* _Work required_
Using the data below, return the stretch from the line that contains "destruct (partition_sum l" through the line that contains "Definition weighted_mass (nu", both included, exactly as it stands and nothing beyond it.

Saved entries:

----------

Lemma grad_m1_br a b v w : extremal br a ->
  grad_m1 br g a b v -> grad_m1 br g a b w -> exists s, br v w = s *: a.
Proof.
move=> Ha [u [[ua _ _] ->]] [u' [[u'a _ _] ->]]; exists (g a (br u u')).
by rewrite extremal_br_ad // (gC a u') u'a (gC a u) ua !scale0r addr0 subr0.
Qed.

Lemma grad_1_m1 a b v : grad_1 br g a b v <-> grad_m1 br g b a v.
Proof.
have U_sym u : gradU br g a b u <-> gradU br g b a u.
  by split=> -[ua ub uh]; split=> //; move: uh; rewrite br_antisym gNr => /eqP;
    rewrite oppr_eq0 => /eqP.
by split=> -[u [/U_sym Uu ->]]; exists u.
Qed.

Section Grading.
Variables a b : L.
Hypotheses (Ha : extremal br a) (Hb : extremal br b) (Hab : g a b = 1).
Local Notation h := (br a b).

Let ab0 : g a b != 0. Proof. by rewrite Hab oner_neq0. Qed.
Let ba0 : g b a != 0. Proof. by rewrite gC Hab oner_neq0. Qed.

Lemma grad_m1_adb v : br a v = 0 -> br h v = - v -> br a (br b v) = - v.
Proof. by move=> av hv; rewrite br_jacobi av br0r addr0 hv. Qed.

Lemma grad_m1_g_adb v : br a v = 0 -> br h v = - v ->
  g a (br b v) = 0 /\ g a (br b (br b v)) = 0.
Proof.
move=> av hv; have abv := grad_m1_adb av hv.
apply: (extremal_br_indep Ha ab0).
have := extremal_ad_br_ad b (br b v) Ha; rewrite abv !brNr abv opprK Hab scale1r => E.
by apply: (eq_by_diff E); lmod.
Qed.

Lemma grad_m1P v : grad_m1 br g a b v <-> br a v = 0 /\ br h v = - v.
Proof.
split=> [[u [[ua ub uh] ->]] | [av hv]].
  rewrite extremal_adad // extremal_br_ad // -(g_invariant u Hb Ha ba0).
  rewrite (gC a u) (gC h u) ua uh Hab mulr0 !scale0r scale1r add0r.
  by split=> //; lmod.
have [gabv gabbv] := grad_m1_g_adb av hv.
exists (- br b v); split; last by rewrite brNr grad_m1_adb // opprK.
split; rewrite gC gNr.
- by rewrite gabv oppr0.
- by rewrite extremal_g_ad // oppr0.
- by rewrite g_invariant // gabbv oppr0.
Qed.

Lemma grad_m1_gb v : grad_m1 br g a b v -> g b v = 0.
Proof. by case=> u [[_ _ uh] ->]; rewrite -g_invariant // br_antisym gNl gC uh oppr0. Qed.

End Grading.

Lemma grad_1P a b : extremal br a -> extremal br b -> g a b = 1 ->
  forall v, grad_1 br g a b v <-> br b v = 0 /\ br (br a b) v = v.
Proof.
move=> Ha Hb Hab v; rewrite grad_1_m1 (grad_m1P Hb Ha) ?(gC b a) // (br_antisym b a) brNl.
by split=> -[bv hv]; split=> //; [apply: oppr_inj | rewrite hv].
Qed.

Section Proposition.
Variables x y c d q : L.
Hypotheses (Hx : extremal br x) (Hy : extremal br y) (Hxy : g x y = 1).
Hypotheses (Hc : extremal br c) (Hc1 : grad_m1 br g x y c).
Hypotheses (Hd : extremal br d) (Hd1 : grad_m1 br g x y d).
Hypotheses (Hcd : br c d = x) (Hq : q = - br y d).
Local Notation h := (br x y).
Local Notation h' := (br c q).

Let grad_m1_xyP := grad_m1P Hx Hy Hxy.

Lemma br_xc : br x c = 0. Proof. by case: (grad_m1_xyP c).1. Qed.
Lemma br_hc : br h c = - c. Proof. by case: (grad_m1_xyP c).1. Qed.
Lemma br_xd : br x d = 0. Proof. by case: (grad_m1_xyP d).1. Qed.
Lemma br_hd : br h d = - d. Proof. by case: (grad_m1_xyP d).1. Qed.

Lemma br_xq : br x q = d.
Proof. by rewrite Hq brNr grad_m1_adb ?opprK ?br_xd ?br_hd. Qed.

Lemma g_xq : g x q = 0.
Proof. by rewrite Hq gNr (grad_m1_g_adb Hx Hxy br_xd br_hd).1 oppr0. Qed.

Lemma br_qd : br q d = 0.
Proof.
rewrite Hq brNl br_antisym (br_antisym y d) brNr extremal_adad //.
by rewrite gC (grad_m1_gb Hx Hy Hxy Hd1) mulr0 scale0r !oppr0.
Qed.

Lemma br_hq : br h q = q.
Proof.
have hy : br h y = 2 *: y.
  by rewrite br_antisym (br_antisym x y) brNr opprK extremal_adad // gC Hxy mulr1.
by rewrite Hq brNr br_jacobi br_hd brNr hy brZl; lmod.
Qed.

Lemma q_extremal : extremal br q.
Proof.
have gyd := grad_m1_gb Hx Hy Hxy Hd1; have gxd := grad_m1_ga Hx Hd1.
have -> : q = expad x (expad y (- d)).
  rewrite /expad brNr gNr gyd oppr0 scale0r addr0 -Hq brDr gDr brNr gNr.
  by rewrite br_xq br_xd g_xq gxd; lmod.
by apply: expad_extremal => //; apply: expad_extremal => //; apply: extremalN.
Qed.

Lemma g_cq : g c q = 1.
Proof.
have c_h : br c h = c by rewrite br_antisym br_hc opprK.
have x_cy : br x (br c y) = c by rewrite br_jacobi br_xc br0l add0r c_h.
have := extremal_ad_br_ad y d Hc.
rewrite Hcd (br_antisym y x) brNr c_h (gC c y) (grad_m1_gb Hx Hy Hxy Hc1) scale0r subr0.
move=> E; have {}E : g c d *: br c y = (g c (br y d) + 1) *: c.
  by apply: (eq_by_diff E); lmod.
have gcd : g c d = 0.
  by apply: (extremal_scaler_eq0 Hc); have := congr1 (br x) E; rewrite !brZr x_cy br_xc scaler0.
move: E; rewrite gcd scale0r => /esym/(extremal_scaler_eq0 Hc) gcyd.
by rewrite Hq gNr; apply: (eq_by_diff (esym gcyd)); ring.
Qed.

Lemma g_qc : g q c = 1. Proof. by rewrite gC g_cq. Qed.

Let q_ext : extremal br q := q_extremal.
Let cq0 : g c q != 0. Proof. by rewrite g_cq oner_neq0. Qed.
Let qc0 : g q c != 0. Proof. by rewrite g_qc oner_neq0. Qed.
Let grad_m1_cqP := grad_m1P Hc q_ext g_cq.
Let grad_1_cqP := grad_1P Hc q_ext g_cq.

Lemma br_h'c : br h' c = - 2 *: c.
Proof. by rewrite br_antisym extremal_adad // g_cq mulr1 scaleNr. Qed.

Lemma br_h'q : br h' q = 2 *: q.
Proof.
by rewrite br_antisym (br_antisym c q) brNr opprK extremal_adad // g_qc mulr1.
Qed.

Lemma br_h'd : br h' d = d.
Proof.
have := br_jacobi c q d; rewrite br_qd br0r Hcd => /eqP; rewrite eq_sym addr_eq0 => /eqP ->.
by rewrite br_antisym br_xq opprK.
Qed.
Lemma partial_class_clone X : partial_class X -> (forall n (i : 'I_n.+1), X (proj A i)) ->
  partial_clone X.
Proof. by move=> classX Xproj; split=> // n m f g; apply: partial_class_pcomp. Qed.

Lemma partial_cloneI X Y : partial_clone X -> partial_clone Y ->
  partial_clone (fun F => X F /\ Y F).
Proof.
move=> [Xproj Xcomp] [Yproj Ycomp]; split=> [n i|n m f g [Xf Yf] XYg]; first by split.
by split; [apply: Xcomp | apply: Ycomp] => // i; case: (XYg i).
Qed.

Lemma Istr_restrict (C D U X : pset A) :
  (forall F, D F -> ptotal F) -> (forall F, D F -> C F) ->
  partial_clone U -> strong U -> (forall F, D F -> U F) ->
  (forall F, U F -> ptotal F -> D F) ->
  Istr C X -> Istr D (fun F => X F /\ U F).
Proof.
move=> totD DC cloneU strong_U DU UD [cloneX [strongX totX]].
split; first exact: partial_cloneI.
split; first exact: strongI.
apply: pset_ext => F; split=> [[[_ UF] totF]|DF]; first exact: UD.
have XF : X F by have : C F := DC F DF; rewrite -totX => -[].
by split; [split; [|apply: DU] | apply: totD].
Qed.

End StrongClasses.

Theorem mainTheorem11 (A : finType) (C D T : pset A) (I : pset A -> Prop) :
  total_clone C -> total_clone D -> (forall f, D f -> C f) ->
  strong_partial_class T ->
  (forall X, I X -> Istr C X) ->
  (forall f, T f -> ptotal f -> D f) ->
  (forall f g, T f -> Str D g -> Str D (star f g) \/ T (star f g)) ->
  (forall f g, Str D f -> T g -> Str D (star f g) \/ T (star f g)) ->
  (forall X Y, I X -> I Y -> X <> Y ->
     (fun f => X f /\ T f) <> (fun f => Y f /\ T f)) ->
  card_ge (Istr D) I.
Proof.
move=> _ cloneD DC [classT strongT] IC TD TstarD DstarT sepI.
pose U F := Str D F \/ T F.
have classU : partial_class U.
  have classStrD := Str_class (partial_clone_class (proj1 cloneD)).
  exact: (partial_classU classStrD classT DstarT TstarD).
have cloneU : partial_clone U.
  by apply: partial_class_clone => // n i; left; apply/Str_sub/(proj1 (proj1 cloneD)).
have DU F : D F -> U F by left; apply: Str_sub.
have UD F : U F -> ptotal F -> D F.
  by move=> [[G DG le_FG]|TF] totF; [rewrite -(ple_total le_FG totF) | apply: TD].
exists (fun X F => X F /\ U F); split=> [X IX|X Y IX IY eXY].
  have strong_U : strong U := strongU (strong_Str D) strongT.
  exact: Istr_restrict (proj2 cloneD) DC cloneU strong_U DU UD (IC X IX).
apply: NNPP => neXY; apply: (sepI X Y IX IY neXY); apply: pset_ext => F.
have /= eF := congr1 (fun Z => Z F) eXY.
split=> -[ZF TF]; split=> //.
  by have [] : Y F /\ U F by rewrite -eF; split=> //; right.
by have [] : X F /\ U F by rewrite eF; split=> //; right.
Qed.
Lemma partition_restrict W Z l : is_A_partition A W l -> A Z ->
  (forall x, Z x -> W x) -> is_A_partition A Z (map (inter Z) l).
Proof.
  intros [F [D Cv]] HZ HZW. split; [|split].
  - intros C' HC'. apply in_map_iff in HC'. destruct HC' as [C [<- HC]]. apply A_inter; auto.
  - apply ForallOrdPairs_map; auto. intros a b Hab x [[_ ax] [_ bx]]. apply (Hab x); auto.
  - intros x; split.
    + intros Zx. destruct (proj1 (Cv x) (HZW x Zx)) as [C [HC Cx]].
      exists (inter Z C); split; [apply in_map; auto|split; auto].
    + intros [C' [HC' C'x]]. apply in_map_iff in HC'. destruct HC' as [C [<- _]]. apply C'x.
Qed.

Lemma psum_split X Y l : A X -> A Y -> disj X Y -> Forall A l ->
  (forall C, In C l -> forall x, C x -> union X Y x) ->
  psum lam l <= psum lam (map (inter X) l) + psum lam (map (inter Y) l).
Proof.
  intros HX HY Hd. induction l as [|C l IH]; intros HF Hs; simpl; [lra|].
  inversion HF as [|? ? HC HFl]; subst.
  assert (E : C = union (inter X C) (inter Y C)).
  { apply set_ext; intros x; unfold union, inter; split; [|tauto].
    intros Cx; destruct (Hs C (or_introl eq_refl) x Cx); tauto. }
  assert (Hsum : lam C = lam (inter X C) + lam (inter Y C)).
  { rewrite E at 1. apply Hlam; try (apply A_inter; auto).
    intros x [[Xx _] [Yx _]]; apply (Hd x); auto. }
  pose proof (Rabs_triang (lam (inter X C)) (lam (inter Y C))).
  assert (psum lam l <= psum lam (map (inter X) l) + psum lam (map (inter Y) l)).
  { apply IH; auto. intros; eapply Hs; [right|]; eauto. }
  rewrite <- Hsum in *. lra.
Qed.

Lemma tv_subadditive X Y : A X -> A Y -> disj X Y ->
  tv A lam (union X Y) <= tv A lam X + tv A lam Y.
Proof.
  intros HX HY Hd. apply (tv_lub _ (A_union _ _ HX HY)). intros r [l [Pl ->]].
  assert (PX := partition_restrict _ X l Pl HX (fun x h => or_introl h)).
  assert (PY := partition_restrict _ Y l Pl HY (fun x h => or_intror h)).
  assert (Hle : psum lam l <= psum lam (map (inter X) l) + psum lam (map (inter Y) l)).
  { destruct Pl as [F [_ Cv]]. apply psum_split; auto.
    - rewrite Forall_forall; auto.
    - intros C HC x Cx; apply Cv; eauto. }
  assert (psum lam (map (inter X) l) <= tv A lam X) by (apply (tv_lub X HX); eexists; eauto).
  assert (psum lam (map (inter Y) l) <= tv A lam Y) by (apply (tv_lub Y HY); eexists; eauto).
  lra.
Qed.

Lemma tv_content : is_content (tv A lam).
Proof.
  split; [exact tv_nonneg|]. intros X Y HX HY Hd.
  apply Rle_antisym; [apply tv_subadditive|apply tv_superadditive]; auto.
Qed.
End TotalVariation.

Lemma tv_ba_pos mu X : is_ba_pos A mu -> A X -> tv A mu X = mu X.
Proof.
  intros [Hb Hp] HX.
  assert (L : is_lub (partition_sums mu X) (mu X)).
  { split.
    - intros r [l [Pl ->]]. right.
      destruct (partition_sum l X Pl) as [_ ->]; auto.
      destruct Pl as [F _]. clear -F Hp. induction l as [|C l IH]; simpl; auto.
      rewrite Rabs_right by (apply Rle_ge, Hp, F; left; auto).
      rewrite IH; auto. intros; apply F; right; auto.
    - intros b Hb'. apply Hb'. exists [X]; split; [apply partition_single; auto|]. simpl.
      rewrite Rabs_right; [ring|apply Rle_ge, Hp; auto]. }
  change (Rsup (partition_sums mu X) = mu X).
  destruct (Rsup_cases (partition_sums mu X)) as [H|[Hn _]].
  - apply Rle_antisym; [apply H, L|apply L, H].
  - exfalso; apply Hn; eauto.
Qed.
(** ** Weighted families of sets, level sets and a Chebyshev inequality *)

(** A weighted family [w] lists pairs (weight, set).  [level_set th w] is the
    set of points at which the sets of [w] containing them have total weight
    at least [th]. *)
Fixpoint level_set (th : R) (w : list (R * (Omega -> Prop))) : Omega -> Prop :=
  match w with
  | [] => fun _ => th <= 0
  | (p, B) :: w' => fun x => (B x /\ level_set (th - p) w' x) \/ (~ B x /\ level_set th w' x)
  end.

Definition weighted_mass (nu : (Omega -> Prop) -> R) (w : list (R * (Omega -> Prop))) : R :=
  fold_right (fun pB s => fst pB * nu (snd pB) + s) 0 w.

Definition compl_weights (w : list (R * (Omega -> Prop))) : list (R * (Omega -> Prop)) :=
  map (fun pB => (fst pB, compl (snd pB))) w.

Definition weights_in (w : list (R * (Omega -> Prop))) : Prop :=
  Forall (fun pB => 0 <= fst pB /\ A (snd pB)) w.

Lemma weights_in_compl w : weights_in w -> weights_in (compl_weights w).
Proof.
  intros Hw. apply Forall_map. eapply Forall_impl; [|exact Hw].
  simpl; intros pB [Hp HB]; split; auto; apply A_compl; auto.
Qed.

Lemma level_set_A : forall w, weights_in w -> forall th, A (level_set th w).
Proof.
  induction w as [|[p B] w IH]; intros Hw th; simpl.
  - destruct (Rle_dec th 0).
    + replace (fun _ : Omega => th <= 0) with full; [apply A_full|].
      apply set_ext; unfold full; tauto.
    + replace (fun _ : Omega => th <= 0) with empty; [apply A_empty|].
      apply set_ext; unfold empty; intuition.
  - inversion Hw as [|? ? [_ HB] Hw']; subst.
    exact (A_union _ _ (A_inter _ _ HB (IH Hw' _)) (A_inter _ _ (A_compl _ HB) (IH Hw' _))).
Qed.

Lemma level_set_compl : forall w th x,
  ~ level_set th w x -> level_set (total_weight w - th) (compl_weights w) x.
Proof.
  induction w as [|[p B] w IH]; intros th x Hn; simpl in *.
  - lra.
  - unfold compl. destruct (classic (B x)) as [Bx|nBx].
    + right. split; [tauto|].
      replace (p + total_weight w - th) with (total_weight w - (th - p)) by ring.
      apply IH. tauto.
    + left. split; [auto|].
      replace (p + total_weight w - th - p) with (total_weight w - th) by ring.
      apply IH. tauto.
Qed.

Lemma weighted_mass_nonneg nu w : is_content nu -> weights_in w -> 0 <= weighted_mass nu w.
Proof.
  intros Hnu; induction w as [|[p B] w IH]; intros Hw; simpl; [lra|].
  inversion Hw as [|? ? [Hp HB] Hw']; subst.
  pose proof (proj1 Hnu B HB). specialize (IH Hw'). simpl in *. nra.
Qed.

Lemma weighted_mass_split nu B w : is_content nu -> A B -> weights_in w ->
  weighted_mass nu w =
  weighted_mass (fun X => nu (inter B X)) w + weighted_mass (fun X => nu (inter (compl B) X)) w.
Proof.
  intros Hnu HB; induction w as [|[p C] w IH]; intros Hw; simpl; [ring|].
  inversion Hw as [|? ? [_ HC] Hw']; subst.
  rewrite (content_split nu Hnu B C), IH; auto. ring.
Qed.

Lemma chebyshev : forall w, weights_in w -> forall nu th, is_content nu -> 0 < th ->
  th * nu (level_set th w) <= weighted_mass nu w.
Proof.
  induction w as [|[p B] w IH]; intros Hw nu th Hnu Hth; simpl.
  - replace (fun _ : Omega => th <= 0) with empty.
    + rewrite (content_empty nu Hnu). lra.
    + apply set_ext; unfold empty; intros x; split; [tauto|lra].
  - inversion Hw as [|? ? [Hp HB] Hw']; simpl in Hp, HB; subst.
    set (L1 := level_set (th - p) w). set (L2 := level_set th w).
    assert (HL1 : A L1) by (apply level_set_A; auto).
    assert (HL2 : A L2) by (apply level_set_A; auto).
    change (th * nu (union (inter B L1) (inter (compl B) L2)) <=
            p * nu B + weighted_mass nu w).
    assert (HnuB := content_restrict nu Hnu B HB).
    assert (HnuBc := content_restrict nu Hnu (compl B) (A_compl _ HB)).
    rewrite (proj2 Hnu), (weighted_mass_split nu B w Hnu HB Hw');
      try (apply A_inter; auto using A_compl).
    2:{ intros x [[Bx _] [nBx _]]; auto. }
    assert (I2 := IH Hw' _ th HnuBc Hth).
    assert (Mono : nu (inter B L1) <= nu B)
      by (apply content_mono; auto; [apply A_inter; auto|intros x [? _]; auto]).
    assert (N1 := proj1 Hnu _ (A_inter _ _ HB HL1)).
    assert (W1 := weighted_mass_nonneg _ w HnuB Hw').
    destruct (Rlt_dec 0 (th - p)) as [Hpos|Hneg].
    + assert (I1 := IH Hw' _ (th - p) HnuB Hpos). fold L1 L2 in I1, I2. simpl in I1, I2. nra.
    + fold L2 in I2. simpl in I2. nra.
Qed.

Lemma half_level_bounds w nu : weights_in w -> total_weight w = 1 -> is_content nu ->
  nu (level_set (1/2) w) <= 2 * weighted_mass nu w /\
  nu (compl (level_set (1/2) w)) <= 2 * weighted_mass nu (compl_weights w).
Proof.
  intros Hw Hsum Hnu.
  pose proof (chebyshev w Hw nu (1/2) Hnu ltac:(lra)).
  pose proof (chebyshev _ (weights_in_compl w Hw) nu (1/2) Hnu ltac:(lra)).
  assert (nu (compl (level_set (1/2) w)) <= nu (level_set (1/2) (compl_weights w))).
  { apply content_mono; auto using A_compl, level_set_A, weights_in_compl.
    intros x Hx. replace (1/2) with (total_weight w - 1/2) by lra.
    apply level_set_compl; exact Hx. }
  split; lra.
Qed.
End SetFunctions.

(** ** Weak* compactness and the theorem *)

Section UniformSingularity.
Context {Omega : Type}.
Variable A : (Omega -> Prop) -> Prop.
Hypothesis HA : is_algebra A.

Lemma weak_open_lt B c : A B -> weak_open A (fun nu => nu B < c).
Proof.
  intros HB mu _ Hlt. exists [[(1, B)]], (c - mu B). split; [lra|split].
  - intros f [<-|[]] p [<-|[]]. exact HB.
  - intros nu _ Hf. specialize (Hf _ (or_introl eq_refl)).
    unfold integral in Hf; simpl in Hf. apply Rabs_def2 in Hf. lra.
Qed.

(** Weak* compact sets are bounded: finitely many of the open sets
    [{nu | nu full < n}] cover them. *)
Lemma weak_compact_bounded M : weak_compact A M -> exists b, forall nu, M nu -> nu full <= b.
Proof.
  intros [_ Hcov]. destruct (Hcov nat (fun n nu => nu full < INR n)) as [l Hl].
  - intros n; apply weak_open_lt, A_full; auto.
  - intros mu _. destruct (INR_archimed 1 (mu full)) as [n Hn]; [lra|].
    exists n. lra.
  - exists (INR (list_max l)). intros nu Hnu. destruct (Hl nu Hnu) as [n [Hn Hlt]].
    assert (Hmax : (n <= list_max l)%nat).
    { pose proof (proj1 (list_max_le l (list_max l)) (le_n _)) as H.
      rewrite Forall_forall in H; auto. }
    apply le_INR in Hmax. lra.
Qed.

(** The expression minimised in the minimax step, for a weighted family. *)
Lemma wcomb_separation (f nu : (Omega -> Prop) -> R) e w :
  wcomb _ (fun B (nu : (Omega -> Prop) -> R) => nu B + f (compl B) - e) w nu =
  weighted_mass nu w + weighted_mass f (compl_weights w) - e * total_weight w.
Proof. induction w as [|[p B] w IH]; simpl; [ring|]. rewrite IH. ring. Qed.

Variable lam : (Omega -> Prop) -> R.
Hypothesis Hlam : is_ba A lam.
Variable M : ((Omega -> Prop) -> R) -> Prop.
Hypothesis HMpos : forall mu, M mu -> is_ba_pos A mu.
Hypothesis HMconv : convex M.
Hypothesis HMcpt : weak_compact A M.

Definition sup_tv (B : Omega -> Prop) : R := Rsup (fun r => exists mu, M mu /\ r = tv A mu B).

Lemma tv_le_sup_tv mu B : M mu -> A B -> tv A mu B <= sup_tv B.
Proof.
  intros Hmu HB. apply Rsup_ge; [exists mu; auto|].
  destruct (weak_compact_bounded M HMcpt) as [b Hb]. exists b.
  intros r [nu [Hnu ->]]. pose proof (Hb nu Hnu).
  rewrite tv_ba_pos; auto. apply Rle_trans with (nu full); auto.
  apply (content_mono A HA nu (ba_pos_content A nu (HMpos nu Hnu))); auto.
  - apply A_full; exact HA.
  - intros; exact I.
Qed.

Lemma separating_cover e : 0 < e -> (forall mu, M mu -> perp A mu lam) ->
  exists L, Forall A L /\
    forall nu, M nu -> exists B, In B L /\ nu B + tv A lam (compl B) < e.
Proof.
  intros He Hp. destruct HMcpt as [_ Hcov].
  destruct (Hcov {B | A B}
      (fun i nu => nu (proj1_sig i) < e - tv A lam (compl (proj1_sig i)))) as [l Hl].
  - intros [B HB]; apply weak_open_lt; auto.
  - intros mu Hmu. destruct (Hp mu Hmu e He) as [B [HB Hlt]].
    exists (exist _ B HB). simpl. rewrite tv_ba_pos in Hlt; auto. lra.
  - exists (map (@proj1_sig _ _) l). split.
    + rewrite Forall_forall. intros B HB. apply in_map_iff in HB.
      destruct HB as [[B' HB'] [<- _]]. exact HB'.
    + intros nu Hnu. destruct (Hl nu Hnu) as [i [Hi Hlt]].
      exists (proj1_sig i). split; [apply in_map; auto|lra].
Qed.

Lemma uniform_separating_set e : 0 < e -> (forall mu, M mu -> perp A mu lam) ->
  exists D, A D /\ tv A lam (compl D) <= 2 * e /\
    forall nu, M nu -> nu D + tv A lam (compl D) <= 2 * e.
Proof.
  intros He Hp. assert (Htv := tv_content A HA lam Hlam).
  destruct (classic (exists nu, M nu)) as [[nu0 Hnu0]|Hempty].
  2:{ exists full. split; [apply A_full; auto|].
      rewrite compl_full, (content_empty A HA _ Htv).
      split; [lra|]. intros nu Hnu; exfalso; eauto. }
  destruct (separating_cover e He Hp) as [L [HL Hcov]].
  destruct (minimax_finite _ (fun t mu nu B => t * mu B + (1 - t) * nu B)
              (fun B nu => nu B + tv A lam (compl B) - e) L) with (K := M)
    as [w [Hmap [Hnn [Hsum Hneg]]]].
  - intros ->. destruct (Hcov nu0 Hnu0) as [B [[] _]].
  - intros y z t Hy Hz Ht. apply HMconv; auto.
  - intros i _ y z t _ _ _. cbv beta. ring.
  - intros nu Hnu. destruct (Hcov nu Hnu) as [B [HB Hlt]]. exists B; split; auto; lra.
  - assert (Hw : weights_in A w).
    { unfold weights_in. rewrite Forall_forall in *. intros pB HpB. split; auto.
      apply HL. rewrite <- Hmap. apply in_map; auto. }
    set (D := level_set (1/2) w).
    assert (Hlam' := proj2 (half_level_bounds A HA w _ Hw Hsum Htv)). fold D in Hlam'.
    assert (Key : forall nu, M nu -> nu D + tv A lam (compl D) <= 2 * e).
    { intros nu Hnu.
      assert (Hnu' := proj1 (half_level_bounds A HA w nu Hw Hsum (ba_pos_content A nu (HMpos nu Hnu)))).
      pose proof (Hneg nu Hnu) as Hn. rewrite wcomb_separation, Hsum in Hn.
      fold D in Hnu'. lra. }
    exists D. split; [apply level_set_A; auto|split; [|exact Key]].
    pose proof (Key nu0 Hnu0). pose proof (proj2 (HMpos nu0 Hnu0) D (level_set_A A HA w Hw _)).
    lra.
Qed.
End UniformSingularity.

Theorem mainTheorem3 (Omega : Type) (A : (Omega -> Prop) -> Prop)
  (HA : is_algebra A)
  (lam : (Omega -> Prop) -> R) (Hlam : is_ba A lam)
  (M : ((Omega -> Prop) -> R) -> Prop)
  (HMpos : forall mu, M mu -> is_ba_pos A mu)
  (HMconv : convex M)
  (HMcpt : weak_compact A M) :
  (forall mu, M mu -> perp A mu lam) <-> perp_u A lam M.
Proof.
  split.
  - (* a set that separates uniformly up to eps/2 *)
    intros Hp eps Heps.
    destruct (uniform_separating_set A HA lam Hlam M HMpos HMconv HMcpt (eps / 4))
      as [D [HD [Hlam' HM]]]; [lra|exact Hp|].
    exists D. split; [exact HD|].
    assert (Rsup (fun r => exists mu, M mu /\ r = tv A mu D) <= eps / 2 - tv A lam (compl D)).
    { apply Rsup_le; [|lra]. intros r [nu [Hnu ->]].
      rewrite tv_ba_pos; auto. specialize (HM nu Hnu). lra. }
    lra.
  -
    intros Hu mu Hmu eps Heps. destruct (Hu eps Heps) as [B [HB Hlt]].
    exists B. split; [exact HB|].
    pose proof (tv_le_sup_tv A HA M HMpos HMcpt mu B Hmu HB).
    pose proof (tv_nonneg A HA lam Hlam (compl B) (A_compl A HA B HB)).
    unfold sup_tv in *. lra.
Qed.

----------

* _Output for this task_
      destruct (partition_sum l X Pl) as [_ ->]; auto.
      destruct Pl as [F _]. clear -F Hp. induction l as [|C l IH]; simpl; auto.
      rewrite Rabs_right by (apply Rle_ge, Hp, F; left; auto).
      rewrite IH; auto. intros; apply F; right; auto.
    - intros b Hb'. apply Hb'. exists [X]; split; [apply partition_single; auto|]. simpl.
      rewrite Rabs_right; [ring|apply Rle_ge, Hp; auto]. }
  change (Rsup (partition_sums mu X) = mu X).
  destruct (Rsup_cases (partition_sums mu X)) as [H|[Hn _]].
  - apply Rle_antisym; [apply H, L|apply L, H].
  - exfalso; apply Hn; eauto.
Qed.
(** ** Weighted families of sets, level sets and a Chebyshev inequality *)

(** A weighted family [w] lists pairs (weight, set).  [level_set th w] is the
    set of points at which the sets of [w] containing them have total weight
    at least [th]. *)
Fixpoint level_set (th : R) (w : list (R * (Omega -> Prop))) : Omega -> Prop :=
  match w with
  | [] => fun _ => th <= 0
  | (p, B) :: w' => fun x => (B x /\ level_set (th - p) w' x) \/ (~ B x /\ level_set th w' x)
  end.

Definition weighted_mass (nu : (Omega -> Prop) -> R) (w : list (R * (Omega -> Prop))) : R :=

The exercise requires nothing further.